On 6-Sep-07, at 12:13 PM, Yonik Seeley wrote:
On 9/6/07, Brian Carmalt <[EMAIL PROTECTED]> wrote:
Try it with title.encode('utf-8').
As in: kw =
{'id':'12','title':title.encode
('utf-8'),'system':'plone','url':'http://www.google.de'}
It seems like the client library should be responsible for encoding,
not the user.
So try changing
title="Übersicht"
into a unicode string via
title=u"Übersicht"
And that should hopefully get your test program working.
If it doesn't it's probably a solr.py bug and should be fixed there.
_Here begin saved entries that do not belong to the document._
Theorem theorem5 (R : realFieldType) (n k l : nat)
  (G1 : 'M['F_2]_(n, k)) (G0 : 'M['F_2]_(n, l)) (m : 'cV['F_2]_k)
  (beta p : R)
  (enc : {set 'I_n} -> 'cV['F_2]_n -> 'cV['F_2]_l)
  (dec : 'cV['F_2]_n -> 'cV['F_2]_k) :
  \rank (row_mx G1 G0) = (k + l)%N ->
  0 <= beta <= 1 -> 0 <= p <= 1 ->
  two_step_encoder G1 G0 m enc ->
  (forall (d : 'cV['F_2]_l) (y : 'cV['F_2]_n),
      (wt (y - (G1 *m m + G0 *m d)) <= (d1 G1 G0).-1./2)%N -> dec y = m) ->
  let t1 := (d1 G1 G0).-1./2 in
  let dd0 := d0 G0 in
  err_prob G1 G0 m enc dec beta p <=
    \sum_(dd0 <= u < n.+1)
      ('C(n, u)%:R * beta ^+ u * (1 - beta) ^+ (n - u)
       * Num.min ((\sum_(dd0 <= w < u.+1) (B0 G0 w * 'C(n - w, u - w))%:R)
                    / 'C(n, u)%:R) 1
       * \sum_((t1 + dd0 - u)%N <= t < n.+1)
           'C(n, t)%:R * p ^+ t * (1 - p) ^+ (n - t))
    + \sum_(t1.+1 <= t < n.+1) 'C(n, t)%:R * p ^+ t * (1 - p) ^+ (n - t).
Proof.
move=> _ beta01 p01 enc_spec dec_spec; cbv zeta; set t1 := (d1 G1 G0).-1./2.
apply: le_trans (err_prob_le_covers beta01 p01 enc_spec dec_spec) _.
rewrite (eq_bigr _ (fun U _ => mulrDr _ _ _)) big_split /= -mulr_suml.
rewrite sum_binomial_distr mul1r lerD2r.
pose f u := beta ^+ u * (1 - beta) ^+ (n - u) * noise_tail n p (t1 + d0 G0 - u).
have f_ge0 u : 0 <= f u.
  case/andP: beta01 => beta_ge0 beta_le1.
  by rewrite !mulr_ge0 ?exprn_ge0 ?subr_ge0 ?noise_tail_ge0.
rewrite (eq_bigr (fun U : {set 'I_n} => f #|U| * (covers_dual G0 U)%:R)); last by move=> U _; rewrite /f; ring.
apply: le_trans (sum_covers_dual_le G0 f_ge0) _; rewrite le_eqVlt; apply/orP; left.
by apply/eqP; apply: eq_bigr => u _; rewrite /f /noise_tail; ring.
Qed.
It may or may not, depending on the vagaries of the encoding in his
text editor.
What python gets when you enter u'é' is the byte sequence
corresponding to the encoding of your editor. For instance, my
terminal is set to utf-8 and when I type in é it is equivalent to
entering the bytes C3 A9:
In [5]: 'é'
Out[5]: '\xc3\xa9'
Prepending u does not work, because you are telling python that you
want these two bytes as unicode characters. Note that this could be
fixed by setting python's default encoding to match.
In [1]: u'é'
Out[1]: u'\xc3\xa9'
In [11]: print u'é'
é
The proper thing to do is to interpret the byte sequence given the
proper encoding:
'é'.decode('utf-8')
Out[3]: u'\xe9'
or enter the desired unicode character directly:
>>> u'\u00e9'
u'\xe9'
>>> print u'\u00e9'
é
This is less complicated in the usual case of reading data from a
file, because the encoding should be known (terminal encoding issues
are much trickier). Use codecs.open() to get a unicode-output text
stream.
-Mike